Figure 1. Aetiological model of paediatric FND: Visual representation linking adverse life experiences, stress system activation, and epigenetic/plasticity processes that increase vulnerability for FND. © Kasia Kozlowska 2021.

Figure 2. Circles metaphor of the stress-system model for functional somatic symptoms (including FND). This figure depicts the various components of the stress system that may be dysregulated in the child with FND and that may need to be targeted during the therapeutic intervention (including pharmacotherapy). The overlap between the different components of the stress system – the HPA axis, autonomic nervous system, immune-inflammatory system, and brain stress systems – is presented by the overlap between the circles. The circadian clock is placed within the top circle because the master clock is found in the hypothalamus, a small region located in the base of the brain. The motor system, which includes central and peripheral components, is represented by the pink ball. The placement of the pink ball in the overlap between the brain stress systems and autonomic system reflects that activation of these systems can be accompanied by changes in motor function. The pain system, which also includes central and peripheral components, is represented by the spiky oval. The placement of pain in the overlap between the brain stress systems and immune-inflammatory system reflects that activation of these systems maintains chronic complex pain. © Kasia Kozlowska 2013.

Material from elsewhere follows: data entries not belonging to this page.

(* occ t s0 a0 s a = Pr_xi[ s(t) = s, a(t) = a | s(0) = s0, a(0) = a0 ] *)
Fixpoint occ (P : forall i, JS -> A i -> S i -> R) (xi : forall i, S i -> A i -> R)
    (s0 : JS) (a0 : JA) (t : nat) : JS -> JA -> R :=
  match t with
  | 0 => fun s a => ((s == s0) && (a == a0))%:R
  | t'.+1 => fun s' a' =>
      \sum_(s : JS) \sum_(a : JA)
        occ P xi s0 a0 t' s a * jtrans P s a s' * jpol xi s' a'
  end.

Definition Qfun (gamma : R) (P : forall i, JS -> A i -> S i -> R)
    (xi : forall i, S i -> A i -> R) (r : JS -> JA -> R) (s : JS) (a : JA) : R :=
  limn (fun N : nat => \sum_(0 <= t < N)
     (gamma ^+ t * \sum_(s' : JS) \sum_(a' : JA) occ P xi s a t s' a' * r s' a')).

Definition Qbar (gamma : R) (P : forall i, JS -> A i -> S i -> R)
    (xi : forall i, S i -> A i -> R) (r : JS -> JA -> R) (i : 'I_n)
    (s : JS) (ai : A i) : R :=
  \sum_(a : JA | a i == ai)
     (\prod_(j < n | j != i) xi j (s j) (a j)) * Qfun gamma P xi r s a.

Definition softmax (theta : forall i, S i -> A i -> R) (i : 'I_n) (si : S i) (ai : A i) : R :=
  expR (theta i si ai) / \sum_(b : A i) expR (theta i si b).

Definition glue (I : {set 'I_n}) (s s' : JS) : JS :=
  [ffun j => if j \in I then s j else s' j].

(* Q_i^{theta,kc}: functions Qt of (s_{N_i^kc}, a_i), represented as functions
   of the full state s depending on s only through s_{N}, of the form
   Qt(s_N,a_i) = E_{s'_{-N} ~ u} Qbar(s_N, s'_{-N}, a_i) for a distribution u
   (a distribution on S_{-N} is represented by a distribution on JS whose
   marginal on the coordinates outside N is the distribution of interest). *)
Definition Qtrunc_set (gamma : R) (P : forall i, JS -> A i -> S i -> R)
    (theta : forall i, S i -> A i -> R) (r : JS -> JA -> R) (e : rel 'I_n)
    (kc : nat) (i : 'I_n) (Qt : JS -> A i -> R) : Prop :=
  exists u : JS -> R,
    (forall s, 0 <= u s) /\ \sum_(s : JS) u s = 1 /\
    forall (s : JS) (ai : A i),
      Qt s ai = \sum_(s' : JS) u s' *
                 Qbar gamma P (softmax theta) r i (glue (nbhd e kc i) s s') ai.

End NetMG.

Arguments JS {n} S.
Arguments JA {n} A.
Arguments nbhd {n} e k i.
Arguments jpol {R n S A} xi s a.
Arguments jtrans {R n S A} P s a s'.
Arguments occ {R n S A} P xi s0 a0 t.
Arguments Qfun {R n S A} gamma P xi r s a.
Arguments Qbar {R n S A} gamma P xi r i s ai.
Arguments softmax {R n S A} theta i si ai.
Arguments glue {n S} I s s'.
Arguments Qtrunc_set {R n S A} gamma P theta r e kc i Qt.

While there are no known medications for the treatment of FND, pharmacotherapy can be a useful adjunct that helps to manage stress-system dysregulation or co-existing conditions or symptoms. In the following sections, we identify common problem areas that may potentially involve the adjunct use of medication in some children. The overarching rationale is that medication is used to support the therapeutic process and to address underlying “drivers” that contribute to stress-system activation and the maintenance of FND symptoms. Medication in FND is never a stand-alone intervention: it is used alongside other interventions—involving the child, family, and school—to support the treatment process. Below we outline some of the driving factors that contribute to the FND presentation, where adjunct medication can play a useful role.
1.1 Driver 1: disrupted sleep
A recurring theme raised by the children admitted to the Mind-Body Program is that of bad sleep: difficulties falling asleep, multiple night wakings, or sleep that is unrefreshing. As clinicians, we typically observe that after a night of bad sleep, the child’s pain is worse, the child feels more nauseous, the child’s fatigue is more pervasive, the child is more likely to have a functional seizure—if functional seizures are part of the presentation—and the child feels more off and ikky in general.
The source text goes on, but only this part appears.